24 February 2010
Book Review: The Knife of Never Letting Go
Author: Patrick Ness
Genre: YAL, SFF
Buy | Borrow | Accept | Avoid
Todd Hewitt lives in Prentisstown, a strange place where all the men can hear each others' thoughts. They call this the Noise, an ever present stream of over 100 consciousnesses pouring out into the world and into the minds of the rest of the town. And the women..well, there are no women. When Todd was just a baby, all of the women in town died. The cause, so they say, is the same virus that brought about the Noise.
One day while walking in the woods, Todd comes across a presence...a silent presence, and this silence weighs on him heavier than the noise. But silence isn't supposed to exist. What other lies are the men of Prentisstown telling?

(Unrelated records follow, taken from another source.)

(* On the level set the flow reduces to [z' = e^z], solved by [z = -ln(-t)] on [(-oo, 0)]. *)
Lemma heteroclinic_exists (xi : R) : 0 < xi ->
  exists (a b : Rbar) (y z : R -> R),
    is_sol xi a b y z /\
    tends_Q6 (Rbar_at_right' a) y z /\ tends_Q3 (Rbar_at_left' b) y z.
Proof.
  intros Hxi. set (z := fun t => - ln (- t)).
  exists m_infty, (Finite 0), (fun t => level_y xi (z t)), z. split; [|split].
  - apply (is_sol_of_level xi Hxi); [exact I|]. intros t _ Ht. simpl in Ht.
    unfold z. auto_derive; [lra|]. rewrite exp_Ropp, exp_ln by lra. field. lra.
  - apply (tends_Q6_of_level _ xi Hxi); [|apply filter_forall; reflexivity].
    intros M. exists (- exp (- M)). intros t Ht. unfold z.
    pose proof (ln_increasing (exp (- M)) (- t) (exp_pos _) ltac:(lra)) as Hln.
    rewrite ln_exp in Hln. lra.
  - apply (tends_Q3_of_level _ xi Hxi); [|apply filter_forall; reflexivity].
    intros M. exists (mkposreal (exp (- M)) (exp_pos _)). intros t Ht Ht0.
    apply Rabs_lt_between' in Ht; simpl in Ht. unfold z.
    pose proof (ln_increasing (- t) (exp (- M)) ltac:(lra) ltac:(lra)) as Hln.
    rewrite ln_exp in Hln. lra.
Qed.

Definition z_minus (xi Y : R) : R := inv_nonneg (level_y xi) Y.
Definition z_plus (xi Y : R) : R := - inv_nonneg (fun u => level_y xi (- u)) Y.

Section Branches.

Variable xi : R.
Hypothesis xi_pos : 0 < xi.

Lemma z_minus_spec (Y : R) : - / xi <= Y ->
  0 <= z_minus xi Y /\ level_y xi (z_minus xi Y) = Y.
Proof.
  rewrite <- (level_y_0 xi). apply (inv_nonneg_spec _ (1 + / xi)).
  - apply level_y_continuous.
  - intros u _. apply level_y_ge_sub.
Qed.

Lemma z_plus_spec (Y : R) : - / xi <= Y ->
  z_plus xi Y <= 0 /\ level_y xi (z_plus xi Y) = Y.
Proof.
  intros HY. rewrite <- (level_y_0 xi), <- Ropp_0 in HY.
  destruct (inv_nonneg_spec _ (1 + / xi) (level_y_opp_continuous xi)
    (level_y_opp_ge_sub xi) Y HY) as [Hu HfU].
  unfold z_plus. split; [lra | exact HfU].
Qed.

Lemma level_set_as_graphs (Y Z : R) :
  H xi Y Z = 1 <-> - / xi <= Y /\ (Z = z_minus xi Y \/ Z = z_plus xi Y).
Proof.
  rewrite (H_eq_1_iff xi xi_pos). split.
  - intros ->. split; [apply level_y_ge|].
    destruct (Rle_or_lt 0 Z) as [HZ|HZ].
    + left. unfold z_minus. symmetry. apply (inv_nonneg_image _ (level_y_increasing xi) Z HZ).
    + right. unfold z_plus. rewrite <- (Ropp_involutive Z) at 2.
      rewrite (inv_nonneg_image _ (level_y_opp_increasing xi) (- Z)) by lra. ring.
  - intros [HY [-> | ->]]; symmetry; [apply z_minus_spec | apply z_plus_spec]; exact HY.
Qed.

Lemma z_minus_continuous (Y : R) : - / xi <= Y ->
  filterlim (z_minus xi) (within (fun u => - / xi <= u) (locally Y))
    (locally (z_minus xi Y)).
Proof.
  rewrite <- (level_y_0 xi). intros HY.
  apply (inv_nonneg_continuous _ (1 + / xi) (level_y_continuous xi)
    (level_y_increasing xi) (fun u _ => level_y_ge_sub xi u) Y HY).
Qed.

Lemma z_plus_continuous (Y : R) : - / xi <= Y ->
  filterlim (z_plus xi) (within (fun u => - / xi <= u) (locally Y))
    (locally (z_plus xi Y)).
Proof.
  replace (- / xi) with (level_y xi (- 0)) by (rewrite Ropp_0; apply level_y_0).
  intros HY. unfold z_plus. eapply filterlim_comp.
  - apply (inv_nonneg_continuous _ (1 + / xi) (level_y_opp_continuous xi)
      (level_y_opp_increasing xi) (level_y_opp_ge_sub xi) Y HY).
  - exact (@filterlim_opp R_AbsRing R_NormedModule _).
Qed.

Lemma z_minus_bounds (Y : R) : - / xi <= Y -> Y <= z_minus xi Y <= Y + (1 + / xi).
Proof.
  intros HY. destruct (z_minus_spec Y HY) as [Hz Hlev].
  unfold level_y in Hlev. pose proof (exp_pos (- z_minus xi Y)).
  assert (exp (- z_minus xi Y) <= 1).
  { rewrite <- exp_0. destruct Hz as [Hz|<-]; [left; apply exp_increasing; lra|].
    rewrite Ropp_0. lra. }
  pose proof (Rinv_0_lt_compat xi xi_pos). split; lra.
Qed.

I have absolutely no idea how to talk about this book without spoilers. Every moment in the book is rife with possibilities, questions, and excitement. My mother, not the biggest fan of YAL, said she loved the story because it never stopped, and I completely agree. I could not stop reading; every turn of the page brought on a deep desire to see the next. And when I finished, I could not wait to get my hands on the second in the series.
Unfortunately, I was on vacation at the time, and apparently Ft. Myers Beach does not believe in bookstores. On the way back to my grandparents' house, I tried to convince them to turn around and go back to a Books-a-Million I had seen at the last exit, but I was met with eye-rolls and sighs. The moment we got back to the house, I drove to the nearest Barnes and Noble, and wouldn't you know it, they didn't have it. The next day I found it at a local mall. I immediately started reading.

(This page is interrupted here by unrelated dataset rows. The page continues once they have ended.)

(* Let $D=(V,E;s,t)$, $N$ be as in the context, let $x\in\mathcal{C}(\widetilde\Gamma_D)$ and let $e\in N$. If there exists a maximum-cardinality family of $s$-$t$ paths pairwise disjoint on $N$ none of whose paths contains $e$, then $x(e)=0$.
   Context: $D=(V,E;s,t)$ is a directed network with unit arc capacities (parallel arcs allowed); $N\subseteq E$ is the set of private arcs (players), $M=E\setminus N$ public arcs; every $s$-$t$ path contains an arc of $N$ and every arc lies on some $s$-$t$ path. Two paths are disjoint on $N$ if they share no arc of $N$; $\sigma_N$ is the maximum number of $s$-$t$ paths pairwise disjoint on $N$. For $S\subseteq N$, $\gamma(S)$ is the maximum number of pairwise arc-disjoint $s$-$t$ paths in $D_S=(V,S\cup M;s,t)$. The auxiliary game $\widetilde\Gamma_D=(N,\tilde\gamma)$ has $\tilde\gamma(N)=\sigma_N$ and $\tilde\gamma(S)=\gamma(S)$ for $S\subsetneq N$; its core is $\mathcal{C}(\widetilde\Gamma_D)=\{x\in\mathbb{R}^N_{\ge0}:x(N)=\sigma_N,\ x(S)\ge\tilde\gamma(S)\ \forall S\subseteq N\}$, with $x(S)=\sum_{i\in S}x_i$. *)

From HB Require Import structures.
From mathcomp Require Import all_boot all_order all_algebra.
Set Implicit Arguments. Unset Strict Implicit. Unset Printing Implicit Defensive.
Import Order.TTheory GRing.Theory Num.Theory.

(* A directed network with parallel arcs: vertices V, arcs E (a finite type,
   so parallel arcs are distinct elements), arc a goes from src a to tgt a.
   Unit capacities are implicit (each arc used at most once in arc-disjoint
   families). *)

Definition is_st_path {V E : finType} (src tgt : E -> V) (s t : V)
  (A : pred E) (p : seq E) : bool :=
  match p with
  | [::] => false
  | a :: q => [&& src a == s, tgt (last a q) == t,
                  path (fun b c => tgt b == src c) a q,
                  uniq (src a :: map tgt p) & all A p]
  end.

Definition disj_on {E : finType} (N : {set E}) (F : seq (seq E)) : bool :=
  pairwise (fun p q => ~~ has (fun a => (a \in N) && (a \in q)) p) F.

Definition arc_disj {E : finType} (F : seq (seq E)) : bool :=
  pairwise (fun p q => ~~ has (fun a => a \in q) p) F.

Definition N_family {V E : finType} (src tgt : E -> V) (s t : V)
  (N : {set E}) (F : seq (seq E)) : bool :=
  all (is_st_path src tgt s t predT) F && disj_on N F.

Definition is_sigmaN {V E : finType} (src tgt : E -> V) (s t : V)
  (N : {set E}) (k : nat) : Prop :=
  (exists F, N_family src tgt s t N F /\ size F = k) /\
  (forall F, N_family src tgt s t N F -> size F <= k).

Definition S_family {V E : finType} (src tgt : E -> V) (s t : V)
  (N S : {set E}) (F : seq (seq E)) : bool :=
  all (is_st_path src tgt s t (fun a => (a \in S) || (a \notin N))) F
  && arc_disj F.

Definition is_gamma {V E : finType} (src tgt : E -> V) (s t : V)
  (N S : {set E}) (k : nat) : Prop :=
  (exists F, S_family src tgt s t N S F /\ size F = k) /\
  (forall F, S_family src tgt s t N S F -> size F <= k).

Definition is_gtilde {V E : finType} (src tgt : E -> V) (s t : V)
  (N S : {set E}) (k : nat) : Prop :=
  if S == N then is_sigmaN src tgt s t N k else is_gamma src tgt s t N S k.

Definition network_ok {V E : finType} (src tgt : E -> V) (s t : V)
  (N : {set E}) : Prop :=
  (forall p, is_st_path src tgt s t predT p -> has (fun a => a \in N) p) /\
  (forall a : E, exists p, is_st_path src tgt s t predT p /\ a \in p).

(* core of the auxiliary game; x is given on all arcs but only its values
   on N matter *)
Definition in_core {R : realFieldType} {V E : finType} (src tgt : E -> V)
  (s t : V) (N : {set E}) (x : E -> R) : Prop :=
  [/\ (forall i, i \in N -> 0 <= x i),
      (forall k, is_sigmaN src tgt s t N k -> \sum_(i in N) x i = k%:R)
    & (forall S : {set E}, S \subset N -> forall k,
         is_gtilde src tgt s t N S k -> k%:R <= \sum_(i in S) x i)]%R.

From HB Require Import structures.
From mathcomp Require Import all_boot all_order all_algebra.
From Stdlib Require Import ClassicalEpsilon.
Set Implicit Arguments.
Unset Strict Implicit.
Unset Printing Implicit Defensive.
Import Order.TTheory GRing.Theory Num.Theory.

(* Each path p of the family F routes one unit through its own private arcs
   S_p, and S_p is a proper coalition since it misses e; hence
   x(S_p) >= gamma(S_p) >= 1.  The S_p are pairwise disjoint subsets of
   N \ {e}, so sigma_N = |F| <= x(N \ {e}) = sigma_N - x(e), and x(e) >= 0
   forces x(e) = 0. *)

Lemma bounded_ex_max (P : nat -> Prop) (m : nat) :
  (exists k, P k) -> (forall k, P k -> k <= m) ->
  exists k, P k /\ forall j, P j -> j <= k.
Proof.
move=> exP ubP.
pose b k := if excluded_middle_informative (P k) then true else false.
have bP k : reflect (P k) (b k).
  by rewrite /b; case: excluded_middle_informative => Pk; constructor.
have exb : exists k, b k by case: exP => k /bP; exists k.
have ubb k : b k -> k <= m by move/bP/ubP.
by case: (ex_maxnP exb ubb) => k /bP Pk maxk; exists k; split=> // j /bP/maxk.
Qed.

Lemma sum_disjoint_sets_le (R : numDomainType) (T : finType) (x : T -> R)
    (A : {set T}) (Ss : seq {set T}) :
  (forall i, i \in A -> 0 <= x i)%R ->
  all (fun S : {set T} => S \subset A) Ss ->
  pairwise (fun S S' : {set T} => [disjoint S & S']) Ss ->
  (\sum_(S <- Ss) \sum_(i in S) x i <= \sum_(i in A) x i)%R.
Proof.
elim: Ss A => [|S Ss IH] A x_ge0 /=.
  by move=> _ _; rewrite big_nil sumr_ge0.
case/andP=> sSA sSsA /andP[disjS disjSs].
rewrite big_cons [leRHS](big_setID S) /= (setIidPr sSA) lerD // IH //.
- by move=> i /setDP[iA _]; apply: x_ge0.
apply/allP => S' S'Ss; rewrite subsetD (allP sSsA) //= disjoint_sym.
exact: (allP disjS).
Qed.

Section PrivateArcs.

Variables (V E : finType) (src tgt : E -> V) (s t : V) (N : {set E}).

Definition private_arcs (p : seq E) : {set E} := [set a in N | a \in p].

Lemma st_path_neq0 A p : is_st_path src tgt s t A p -> p != [::].
Proof. by case: p. Qed.

Lemma arc_disj_uniq_ohead (F : seq (seq E)) :
  all (fun p => p != [::]) F -> arc_disj F -> uniq (map ohead F).
Proof.
elim: F => //= p F IH /andP[p_neq0 F_neq0] /andP[disj_p disjF].
rewrite IH // andbT; apply/mapP => -[q qF ohead_pq].
have := allP disj_p q qF; have := allP F_neq0 q qF.
case: p p_neq0 ohead_pq {disj_p} => // a p' _.
by case: q qF => // b q' _ /= [->] _; rewrite inE eqxx.
Qed.

Lemma S_family_size_le S F :
  S_family src tgt s t N S F -> size F <= #|{: option E}|.
Proof.
case/andP=> paths disjF.
have uniq_heads : uniq (map ohead F).
  apply: arc_disj_uniq_ohead disjF; apply/allP => p pF.
  exact: st_path_neq0 (allP paths p pF).
by rewrite -(size_map ohead) -(card_uniqP uniq_heads) max_card.
Qed.

(* [in_core] only constrains a coalition S through the values k with
   [is_gamma .. S k], so gamma(S) has to be shown to exist. *)
Lemma is_gamma_exists S : exists k, is_gamma src tgt s t N S k.
Proof.
pose P k := exists F, S_family src tgt s t N S F /\ size F = k.
have P0 : exists k, P k by exists 0, [::].
have P_bounded k : P k -> k <= #|{: option E}|.
  by case=> F [SF <-]; apply: S_family_size_le SF.
have [_ [[F [SF <-]] maxF]] := bounded_ex_max P0 P_bounded.
by exists (size F); split=> [|G SG]; [exists F | apply: maxF; exists G].
Qed.

Lemma S_family_private_arcs p :
  is_st_path src tgt s t predT p ->
  S_family src tgt s t N (private_arcs p) [:: p].
Proof.
move=> p_path; rewrite /S_family /= ?andbT.
have on_private : all (fun b => (b \in private_arcs p) || (b \notin N)) p.
  by apply/allP => b bp; rewrite inE bp andbT orbN.
by case: p p_path on_private => //= a q /and5P[-> -> -> -> _].
Qed.

Lemma core_private_arcs_ge1 (R : realFieldType) (x : E -> R) p :
  in_core src tgt s t N x -> is_st_path src tgt s t predT p ->
  private_arcs p != N -> (1 <= \sum_(i in private_arcs p) x i)%R.
Proof.
case=> _ _ x_coalition p_path p_neqN.
have [k gamma_k] := is_gamma_exists (private_arcs p).
have k_ge1 : 1 <= k := gamma_k.2 _ (S_family_private_arcs p_path).
have sub_N : private_arcs p \subset N by apply/subsetP => a /setIdP[].
apply: le_trans (x_coalition _ sub_N k _); first by rewrite ler1n.
by rewrite /is_gtilde (negbTE p_neqN).
Qed.

Lemma disj_on_private_arcs F :
  disj_on N F ->
  pairwise (fun S S' : {set E} => [disjoint S & S']) (map private_arcs F).
Proof.
rewrite pairwise_map; apply: sub_pairwise => p q /hasPn p_q_disj /=.
rewrite disjoints_subset; apply/subsetP => a /setIdP[aN ap].
by rewrite !inE aN; have := p_q_disj a ap; rewrite aN.
Qed.

End PrivateArcs.

Theorem lemma7 (R : realFieldType) (V E : finType) (src tgt : E -> V)
  (s t : V) (N : {set E}) (x : E -> R) (e : E) :
  network_ok src tgt s t N ->
  in_core src tgt s t N x ->
  e \in N ->
  (exists F : seq (seq E),
      [/\ N_family src tgt s t N F,
          (forall G, N_family src tgt s t N G -> size G <= size F)
        & all (fun p => e \notin p) F]) ->
  x e = 0%R.
Proof.
move=> _ x_core eN [F [NF maxF e_notinF]].
have [x_ge0 x_N _] := x_core.
have sigmaF : is_sigmaN src tgt s t N (size F) by split; [exists F | exact: maxF].
have private_sub p : p \in F -> private_arcs N p \subset N :\ e.
  move=> pF; apply/subsetP => a /setIdP[aN ap]; rewrite !inE aN andbT.
  by apply: contraTneq ap => ->; apply: (allP e_notinF).
have F_le : ((size F)%:R <= \sum_(i in N :\ e) x i)%R.
  apply: le_trans (sum_disjoint_sets_le _ _ (disj_on_private_arcs (andP NF).2)).
  - rewrite -sum1_size natr_sum big_map big_seq [leRHS]big_seq.
    apply: ler_sum => p pF; apply: core_private_arcs_ge1 x_core _ _.
      exact: (allP (andP NF).1).
    apply: contraTneq (private_sub p pF) => ->.
    by apply/subsetPn; exists e; rewrite ?inE ?eqxx.
  - by move=> i /setD1P[_ iN]; apply: x_ge0.
  - by apply/allP => _ /mapP[p pF ->]; apply: private_sub.
have := x_N _ sigmaF; rewrite (big_setD1 e eN) /= => sum_N.
apply/eqP; rewrite eq_le x_ge0 // andbT.
by rewrite -(lerD2r (\sum_(i in N :\ e) x i)) add0r sum_N.
Qed.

Spoilery stuff: From the moment I read that Noise affected men but not women, I could see where things were heading. For one group of people to be so exposed to another group, while that group retains privacy, would be barely tolerable. And when you throw in the "natural" tendencies of men and women to be in conflict anyway, the situation has the potential to explode. In a situation like this, I can see events unfolding in one of two ways. Possibility #1 The women realize their power over the men and subjugate those they can easily read and control. Possibility #2 The men realize the power women have, fear it, fear them, and revolt. You can guess which way Prentisstown went. Either way, the issue is one of difference. People band together against groups that differ in some way.
I'm reminded of this horrible video new employees had to watch at my job. In it, there were penguins and more flashy birds. These two groups didn't like each other, and the more staid, conservative penguins were dominant. --At this point, I thought the video was going to be about diversity being beneficial and people learning how to work together.-- Then the community is threatened by wolves which live in the lands surrounding the birds' area. Of course the penguins and the flashy birds suddenly get along. --In other words, diverse people can learn to get along...as long as there is a third group to band against. What a terrible lesson!

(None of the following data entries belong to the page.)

(* Let $\mathcal{P}=\langle P,\le\rangle$ be a finite bounded poset with $|P|\ge 2$ and $m\in\mathbb{N}$. If $(R^+_{All})^m(\mathcal{P})$ is graded, then $(R^+)^m(\mathcal{P})$ is graded.
   Context: A poset is bounded if it has a least element $\bot$ and greatest element $\top$. The height $H$ of a finite poset is the number of elements in its largest chain. $a\lessdot b$ denotes covering. A bounded poset with top $\top$ and height $H$ is graded if there is $\rho$ into $\{0,\dots,H-1\}$ with $\rho(\top)=0$ and $\rho(a)=\rho(b)-1$ whenever $a\lessdot b$. For $a\in P$, $\uparrow a=\{b:b\ge a\}$, $\downarrow a=\{b:b\le a\}$ as subposets; the standard interval rank is $R^+(a)=[H(\uparrow a)-1,\;H(\mathcal{P})-H(\downarrow a)]$. Weak order: $[x_*,x^*]\le_W[y_*,y^*]$ iff $x_*\le y_*$ and $x^*\le y^*$. The interval rank poset $R^+(\mathcal{P})$ is the set $\{R^+(a):a\in P\}$ ordered by $\ge_W$; $(R^+)^m$ denotes its $m$-fold iteration (applying the construction to the resulting poset each time). $R^+_{All}(\mathcal{P})=\langle P,\le_{R_A}\rangle$ on the same underlying set, where $p<_{R_A}q$ iff $R^+(p)>_W R^+(q)$, and $\le_{R_A}$ is the reflexive closure of $<_{R_A}$; $(R^+_{All})^m$ is its $m$-fold iteration. *)

From mathcomp Require Import all_boot.
Set Implicit Arguments. Unset Strict Implicit. Unset Printing Implicit Defensive.

Record fposet (T : eqType) := FPoset { elems : seq T; rle : rel T }.

Section Defs.
Variable T : eqType.
Implicit Types P : fposet T.

Definition is_poset P : Prop :=
  [/\ (forall x, x \in elems P -> rle P x x),
      (forall x y, x \in elems P -> y \in elems P ->
         rle P x y -> rle P y x -> x = y) &
      (forall x y z, x \in elems P -> y \in elems P -> z \in elems P ->
         rle P x y -> rle P y z -> rle P x z)].

Definition is_top P (t : T) : Prop :=
  t \in elems P /\ forall x, x \in elems P -> rle P x t.
Definition is_bot P (b : T) : Prop :=
  b \in elems P /\ forall x, x \in elems P -> rle P b x.

Definition bounded P : Prop :=
  is_poset P /\ (exists t, is_top P t) /\ (exists b, is_bot P b).

Definition cmp P : rel T := fun x y => rle P x y || rle P y x.

(* height: number of elements of a largest chain (a set of pairwise
   comparable elements); chains are enumerated as masks of the
   duplicate-free carrier. *)
Definition height P : nat :=
  let e := undup (elems P) in
  \max_(b : (size e).-tuple bool | pairwise (cmp P) (mask b e)) size (mask b e).

Definition rlt P (a b : T) : bool := (a != b) && rle P a b.
Definition covers P (a b : T) : Prop :=
  [/\ a \in elems P, b \in elems P, rlt P a b &
      forall c, c \in elems P -> ~ (rlt P a c /\ rlt P c b)].

Definition graded P : Prop :=
  bounded P /\
  exists t, is_top P t /\
  exists rho : T -> nat,
    [/\ rho t = 0,
        (forall a, a \in elems P -> rho a < height P) &
        (forall a b, covers P a b -> rho a = (rho b).+1)].

Definition upset P (a : T) : fposet T :=
  FPoset [seq b <- elems P | rle P a b] (rle P).
Definition downset P (a : T) : fposet T :=
  FPoset [seq b <- elems P | rle P b a] (rle P).

Definition Rint P (a : T) : (nat * nat)%type :=
  ((height (upset P a)).-1, height P - height (downset P a)).

Definition weakle (x y : (nat * nat)%type) : bool := (x.1 <= y.1) && (x.2 <= y.2).
Definition weaklt (x y : (nat * nat)%type) : bool := (x != y) && weakle x y.

Definition Rplus P : fposet (nat * nat)%type :=
  FPoset [seq Rint P a | a <- elems P] (fun I J => weakle J I).

Definition RAll P : fposet T :=
  FPoset (elems P) (fun p q => (p == q) || weaklt (Rint P q) (Rint P p)).

End Defs.

Fixpoint RAll_iter (T : eqType) (m : nat) (P : fposet T) : fposet T :=
  match m with 0 => P | k.+1 => RAll (RAll_iter k P) end.

(* the carrier type changes after the first application, so the result is
   packaged in a dependent pair *)
Fixpoint Rplus_iter (T : eqType) (m : nat) (P : fposet T)
  : {U : eqType & fposet U} :=
  match m with
  | 0 => existT (fun U : eqType => fposet U) T P
  | k.+1 => existT (fun U : eqType => fposet U) (nat * nat)%type
              (Rplus (projT2 (Rplus_iter k P)))
  end.

Definition graded_s (X : {U : eqType & fposet U}) : Prop := graded (projT2 X).

From mathcomp Require Import all_boot.
Set Implicit Arguments. Unset Strict Implicit. Unset Printing Implicit Defensive.

(* The map [p |-> R^+(p)] sends R^+_All(Q) onto R^+(Q), and the order of
   R^+_All(Q) is the pullback of the strict order of R^+(Q): p < q iff
   R^+(p) < R^+(q).  Along such a "strict pullback" chains correspond
   (distinct comparable elements have distinct comparable images, and a chain
   downstairs lifts by picking preimages), so heights agree; applied to the
   up- and down-sets, interval ranks agree too, and the relation propagates
   through the m-fold iterations.  Finally a grading descends along a strict
   pullback: covers downstairs lift to covers upstairs, so the rank of a
   chosen preimage is a rank function. *)

Lemma uniq_pairwiseP (T : eqType) (r : rel T) (s : seq T) :
  symmetric r -> uniq s ->
  reflect {in s &, forall x y, x != y -> r x y} (pairwise r s).
Proof.
move=> r_sym s_uniq.
pose r' x y := (x != y) ==> r x y.
have -> : pairwise r s = all2rel r' s.
  rewrite -pairwise_all2rel; last 2 first.
  - by move=> x; rewrite /r' eqxx.
  - by move=> x y; rewrite /r' eq_sym r_sym.
  have := pairwise_relI (fun x y => x != y) r s.
  have := pairwise_relI (fun x y => x != y) r' s.
  rewrite -uniq_pairwise s_uniq /= => <- <-.
  by apply: eq_pairwise => x y /=; rewrite /r'; case: (x != y).
apply: (iffP (@allrelP _ _ r' s s)) => r_s x y xs ys.
- by move=> nxy; have := r_s x y xs ys; rewrite /r' nxy.
- by apply/implyP; apply: r_s.
Qed.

Anyway, this is getting long winded, isn't it?
Icing on the cake
Todd's parents are no longer with him in the story, and he is being raised by Ben and Cillian, two men whom I choose to believe (and I think this is well supported) are in a romantic relationship. Homosexuality is not mentioned anywhere, but the emotion between the two and the familial feel among the three heavily indicates such a relationship. While I appreciate books that directly address the issue, sometimes it is very satisfying to read a story where it is present but never mentioned: it normalizes the relationship, demystifies it, makes it less "important", a non-issue.